Chocolate: Worth its weight in gold?
“In 20 years chocolate will be like caviar. It will become so rare and so expensive that the average Joe just won’t be able to afford it.” So says John Mason, executive director and founder of the Ghana-based Nature Conservation Research Council, quoted in The Independent.
“Chocolate consumption is increasing faster than cocoa production — and it’s not sustainable.” So says Tony Lass, chairman of the Cocoa Research Association, at the annual conference of Britain’s Academy of Chocolate.
Fewer and fewer African farmers are growing cocoa (which can be grown only 10-15 degrees on either side of the equator) because of the intensity of farming it, pest problems, and the low return on their investment, in order to grow other products that are easier to farm for a reasonable profit — for example, palm oil.

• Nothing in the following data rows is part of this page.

(* Let $N\ge1$, $c\in\mathbb{R}$, and consider the manifold of Jacobi parameters $a_1,\dots,a_{N-1}>0$, $b_1,\dots,b_N\in\mathbb{R}$ with $\sum_jb_j=c$, with the Poisson bracket described in the context. For $1\le n\le N$ let $P_n,Q_n$ be as in the context and $m_n(x)=-Q_n(x)/P_n(x)$. Then (wherever $P_n(y)\neq0$) \[ \{P_n(x),m_n(y)\}=\tfrac12\Bigl[Q_n(x)m_n(y)-\frac{P_n(x)m_n(y)+Q_n(x)}{x-y}\Bigr], \] \[ \{Q_n(x),m_n(y)\}=\tfrac12\Bigl[-Q_n(x)m_n(y)^2+m_n(y)\frac{P_n(x)m_n(y)+Q_n(x)}{x-y}\Bigr]. \]
   Context: The Poisson bracket is the bilinear antisymmetric bracket satisfying the Leibniz rule whose only nonzero brackets among the coordinates are $\{b_k,a_k\}=-\tfrac14 a_k$ ($k=1,\dots,N-1$) and $\{b_k,a_{k-1}\}=\tfrac14 a_{k-1}$ ($k=2,\dots,N$); auxiliary variables $x,y$ are held fixed. With $J(b_1,\dots,b_m;a_1,\dots,a_{m-1})$ the $m\times m$ tridiagonal symmetric matrix with diagonal $b_1,\dots,b_m$ and off-diagonal entries $a_1,\dots,a_{m-1}$: $P_n(x)=\det(x-J(b_1,\dots,b_n;a_1,\dots,a_{n-1}))$ and $Q_n(x)=\det(x-J(b_2,\dots,b_n;a_2,\dots,a_{n-1}))$. *)

From HB Require Import structures.
From mathcomp Require Import all_boot all_order all_algebra.
From mathcomp Require Import all_classical all_reals all_analysis.
Set Implicit Arguments. Unset Strict Implicit. Unset Printing Implicit Defensive.
Import Order.TTheory GRing.Theory Num.Theory.
Local Open Scope ring_scope.

Section Defs.
Variable R : realType.

(* Coordinates: a k (k = 1..N-1) and b k (k = 1..N), 1-based, stored as
   sequences nat -> R (entries outside the index range are irrelevant). *)

Definition Jmat (m : nat) (b a : nat -> R) : 'M[R]_m :=
  \matrix_(i < m, j < m)
    (if i == j :> nat then b i.+1
     else if j == i.+1 :> nat then a i.+1
     else if i == j.+1 :> nat then a j.+1
     else 0).

Definition Ppoly (n : nat) (a b : nat -> R) (x : R) : R :=
  \det (x%:M - Jmat n b a).

Definition Qpoly (n : nat) (a b : nat -> R) (x : R) : R :=
  \det (x%:M - Jmat n.-1 (fun k => b k.+1) (fun k => a k.+1)).

Definition mJac (n : nat) (a b : nat -> R) (y : R) : R :=
  - Qpoly n a b y / Ppoly n a b y.

Definition upd (s : nat -> R) (k : nat) (t : R) : nat -> R :=
  fun i => if i == k then t else s i.

Definition da (k : nat) (F : (nat -> R) -> (nat -> R) -> R) (a b : nat -> R) : R :=
  derive1 (fun t => F (upd a k t) b) (a k).
Definition db (k : nat) (F : (nat -> R) -> (nat -> R) -> R) (a b : nat -> R) : R :=
  derive1 (fun t => F a (upd b k t)) (b k).

(* The Poisson bracket: the bilinear antisymmetric Leibniz bracket
   {F,G} = sum_{u,v} dF/du dG/dv {u,v}, whose only nonzero coordinate
   brackets are {b_k,a_k} = -a_k/4 (k=1..N-1), {b_k,a_{k-1}} = a_{k-1}/4
   (k=2..N). *)
Definition pbracket (N : nat) (F G : (nat -> R) -> (nat -> R) -> R)
    (a b : nat -> R) : R :=
  \sum_(1 <= k < N)
     (- (a k / 4)) * (db k F a b * da k G a b - da k F a b * db k G a b)
  + \sum_(2 <= k < N.+1)
     (a k.-1 / 4) * (db k F a b * da k.-1 G a b - da k.-1 F a b * db k G a b).

End Defs.

(** Expanding the determinant along its first row gives the transfer recursion
    P_(n+1) = (x - b_1) P_n' - a_1^2 Q_n' and Q_(n+1) = P_n', where ' means
    that the first site of the chain has been removed.  Since the bracket only
    pairs a_k with b_k - b_(k+1), the bracket of two functions built this way
    is the contribution of the first edge (a_1, b_1, b_2) plus the bracket of
    the shifted chain.  Induction on n then gives {P(x), P(y)} = {Q(x), Q(y)} = 0
    and 2 (x - y) {P(x), Q(y)} = (x - y) Q(x) Q(y) + Q(x) P(y) - P(x) Q(y),
    from which the brackets with m = -Q/P follow by the quotient rule. *)

From HB Require Import structures.
From mathcomp Require Import all_boot all_order all_algebra.
From mathcomp Require Import all_classical all_reals all_analysis.
From mathcomp Require Import ring.

Set Implicit Arguments.
Unset Strict Implicit.
Unset Printing Implicit Defensive.

Import Order.TTheory GRing.Theory Num.Theory.
Local Open Scope ring_scope.

Section JacobiBracket.
Variable R : realType.
Implicit Types (a b s : nat -> R) (F G H : (nat -> R) -> (nat -> R) -> R).

(** Slot k holds the derivatives in a_(k+1) and b_(k+1): the unused entry 0
    of the coordinate sequences gets no slot. *)
Definition gradient := ((nat -> R) * (nat -> R))%type.
Implicit Types (f g : gradient).

Lemma gradDE f g : f + g = (fun k => f.1 k + g.1 k, fun k => f.2 k + g.2 k).
Proof. by []. Qed.

Lemma gradNE f : - f = (fun k => - f.1 k, fun k => - f.2 k).
Proof. by []. Qed.

Lemma gradZE r f : r *: f = (fun k => r * f.1 k, fun k => r * f.2 k).
Proof. by []. Qed.

Definition drop1 s : nat -> R := fun k => s k.+1.

Definition gcons (u v : R) g : gradient :=
  (fun k => if k is k'.+1 then g.1 k' else u,
   fun k => if k is k'.+1 then g.2 k' else v).

Lemma gconsD u v f u' v' g :
  gcons u v f + gcons u' v' g = gcons (u + u') (v + v') (f + g).
Proof. by congr (_, _); apply: funext => -[|k]; rewrite /= !fctE. Qed.

Lemma gconsZ r u v f : r *: gcons u v f = gcons (r * u) (r * v) (r *: f).
Proof. by congr (_, _); apply: funext => -[|k]; rewrite /= !fctE. Qed.

Lemma gconsN u v f : - gcons u v f = gcons (- u) (- v) (- f).
Proof. by rewrite -scaleN1r gconsZ !mulN1r scaleN1r. Qed.

Lemma gconsB u v f u' v' g :
  gcons u v f - gcons u' v' g = gcons (u - u') (v - v') (f - g).
Proof. by rewrite gconsN gconsD. Qed.

Lemma gcons0 : gcons 0 0 0 = 0.
Proof. by congr (_, _); apply: funext => -[|k]. Qed.

Definition pform N a f g : R :=
  \sum_(0 <= k < N.-1)
    a k.+1 / 4 * (f.1 k * (g.2 k - g.2 k.+1) - (f.2 k - f.2 k.+1) * g.1 k).

Section Bilinear.
Variables (N : nat) (a : nat -> R).

Lemma pformDl f f' g : pform N a (f + f') g = pform N a f g + pform N a f' g.
Proof.
by rewrite /pform -big_split; apply: eq_bigr => k _; rewrite gradDE /=; ring.
Qed.

Lemma pformZl r f g : pform N a (r *: f) g = r * pform N a f g.
Proof.
by rewrite /pform big_distrr; apply: eq_bigr => k _; rewrite gradZE /=; ring.
Qed.

Lemma pformC f g : pform N a f g = - pform N a g f.
Proof. by rewrite /pform -sumrN; apply: eq_bigr => k _; ring. Qed.

Lemma pformBl f f' g : pform N a (f - f') g = pform N a f g - pform N a f' g.
Proof. by rewrite pformDl -scaleN1r pformZl mulN1r. Qed.

Lemma pformDr f g g' : pform N a f (g + g') = pform N a f g + pform N a f g'.
Proof. by rewrite pformC pformDl opprD -!pformC. Qed.

Lemma pformZr r f g : pform N a f (r *: g) = r * pform N a f g.
Proof. by rewrite pformC pformZl -mulrN -pformC. Qed.

Lemma pformNr f g : pform N a f (- g) = - pform N a f g.
Proof. by rewrite -scaleN1r pformZr mulN1r. Qed.

Lemma pformBr f g g' : pform N a f (g - g') = pform N a f g - pform N a f g'.
Proof. by rewrite pformDr pformNr. Qed.

Lemma pform0r f : pform N a f 0 = 0.
Proof. by rewrite -(scale0r 0) pformZr mul0r. Qed.

Lemma pformxx f : pform N a f f = 0.
Proof. by rewrite /pform big1 // => k _; ring. Qed.

End Bilinear.

Lemma pform_gcons N a u v u' v' f g :
  pform N.+2 a (gcons u v f) (gcons u' v' g)
  = a 1 / 4 * (u * (v' - g.2 0) - (v - f.2 0) * u') + pform N.+1 (drop1 a) f g.
Proof. by rewrite /pform big_nat_recl. Qed.

Definition grad F a b : gradient :=
  (fun k => da k.+1 F a b, fun k => db k.+1 F a b).

Lemma pbracketE N F G a b :
  pbracket N F G a b = pform N a (grad F a b) (grad G a b).
Proof.
rewrite /pbracket /pform !big_add1 /= -big_split /=.
by apply: eq_bigr => k _; rewrite /grad /=; ring.
Qed.

Lemma pbracketC N F G a b : pbracket N F G a b = - pbracket N G F a b.
Proof. by rewrite !pbracketE pformC. Qed.

Definition is_grad F a b g : Prop :=
  forall k, is_derive (a k.+1) 1 (fun t => F (upd a k.+1 t) b) (g.1 k)
         /\ is_derive (b k.+1) 1 (fun t => F a (upd b k.+1 t)) (g.2 k).

Definition derivable_coords F a b := is_grad F a b (grad F a b).

Lemma is_grad_grad F a b g : is_grad F a b g -> grad F a b = g.
Proof.
case: g => ga gb dF; congr (_, _); apply: funext => k;
  by have [? ?] := dF k; rewrite /da /db derive1E derive_val.
Qed.

Lemma is_grad_eq F a b g g' : is_grad F a b g -> g = g' -> is_grad F a b g'.
Proof. by move=> ? <-. Qed.

Lemma is_grad_derivable F a b g : is_grad F a b g -> derivable_coords F a b.
Proof. by move=> dF; rewrite /derivable_coords (is_grad_grad dF). Qed.

Lemma upd_id s k : upd s k (s k) = s.
Proof. by apply: funext => i; rewrite /upd; case: eqP => // ->. Qed.

Section GradientRules.
Variables a b : nat -> R.

Lemma is_grad_cst (c : R) : is_grad (fun _ _ => c) a b 0.
Proof. by move=> k; split; apply: is_derive_cst. Qed.

Lemma is_grad_a1 : is_grad (fun a _ => a 1%N) a b (gcons 1 0 0).
Proof.
by case=> [|k]; split=> /=; [apply: is_derive_id | apply: is_derive_cst ..].
Qed.

Lemma is_grad_b1 : is_grad (fun _ b => b 1%N) a b (gcons 0 1 0).
Proof.
by case=> [|k]; split=> /=;
  [apply: is_derive_cst | apply: is_derive_id | apply: is_derive_cst ..].
Qed.

Lemma is_gradB F G f g : is_grad F a b f -> is_grad G a b g ->
  is_grad (fun a b => F a b - G a b) a b (f - g).
Proof.
move=> dF dG k; have [dFa dFb] := dF k; have [dGa dGb] := dG k.
by split; [apply: is_deriveB dFa dGa | apply: is_deriveB dFb dGb].
Qed.

Lemma is_gradN F f : is_grad F a b f -> is_grad (fun a b => - F a b) a b (- f).
Proof.
move=> dF k; have [dFa dFb] := dF k.
by split; [apply: is_deriveN dFa | apply: is_deriveN dFb].
Qed.

Lemma is_gradM F G f g : is_grad F a b f -> is_grad G a b g ->
  is_grad (fun a b => F a b * G a b) a b (F a b *: g + G a b *: f).
Proof.
move=> dF dG k; have [dFa dFb] := dF k; have [dGa dGb] := dG k.
split; [have := is_deriveM dFa dGa | have := is_deriveM dFb dGb];
  rewrite /= !upd_id => D; exact: D.
Qed.

Lemma is_gradX F f n : is_grad F a b f ->
  is_grad (fun a b => F a b ^+ n) a b ((n%:R * F a b ^+ n.-1) *: f).
Proof.
move=> dF k; have [dFa dFb] := dF k.
split; [have := is_deriveX n dFa | have := is_deriveX n dFb];
  rewrite /= !upd_id exprfctE => D; exact: D.
Qed.

Lemma is_gradV F f : F a b != 0 -> is_grad F a b f ->
  is_grad (fun a b => (F a b)^-1) a b (- (F a b) ^- 2 *: f).
Proof.
move=> F_neq0 dF k; have [dFa dFb] := dF k.
have Fa_neq0 : F (upd a k.+1 (a k.+1)) b != 0 by rewrite upd_id.
have Fb_neq0 : F a (upd b k.+1 (b k.+1)) != 0 by rewrite upd_id.
split; [have := is_deriveV Fa_neq0 dFa | have := is_deriveV Fb_neq0 dFb];
  rewrite /= !upd_id => D; exact: D.
Qed.

End GradientRules.

Definition indep0 F :=
  forall a b t, F (upd a 0 t) b = F a b /\ F a (upd b 0 t) = F a b.

(** Since [drop1 a 0 = a 1], without [indep0 F] the function [F (drop1 a) _]
    could depend on a_1 through the unused entry 0. *)
Lemma is_grad_drop1 F a b g : indep0 F -> is_grad F (drop1 a) (drop1 b) g ->
  is_grad (fun a b => F (drop1 a) (drop1 b)) a b (gcons 0 0 g).
Proof.
move=> F0 dF [|k]; last exact: dF k.
have const_a : (fun t => F (drop1 (upd a 1 t)) (drop1 b)) = cst (F (drop1 a) (drop1 b)).
  by apply: funext => t; exact: (F0 (drop1 a) (drop1 b) t).1.
have const_b : (fun t => F (drop1 a) (drop1 (upd b 1 t))) = cst (F (drop1 a) (drop1 b)).
  by apply: funext => t; exact: (F0 (drop1 a) (drop1 b) t).2.
by rewrite /= const_a const_b; split; apply: is_derive_cst.
Qed.

Lemma pbracketNr N F G a b : derivable_coords G a b ->
  pbracket N F (fun a b => - G a b) a b = - pbracket N F G a b.
Proof. by move=> dG; rewrite !pbracketE (is_grad_grad (is_gradN dG)) pformNr. Qed.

American growers (primarily in Central America) allowed their cocoa production to decline radically and are slowly rebuilding production only in the last few years, but they won’t be able to match demand for a long time, if ever, especially since demand from the Chinese is expected to increase radically in the near future. And, frankly, despite the doubling of cocoa prices in just the last 6 years, to an all-time high in 30 years, there’s not much incentive to grow such a capital- and labor-intensive crop anyway, since most of the profits from cocoa go to commodities traders who speculate on prices and to the multinational corporations who control processing and sales — but the profit definitely does not go to the farmers.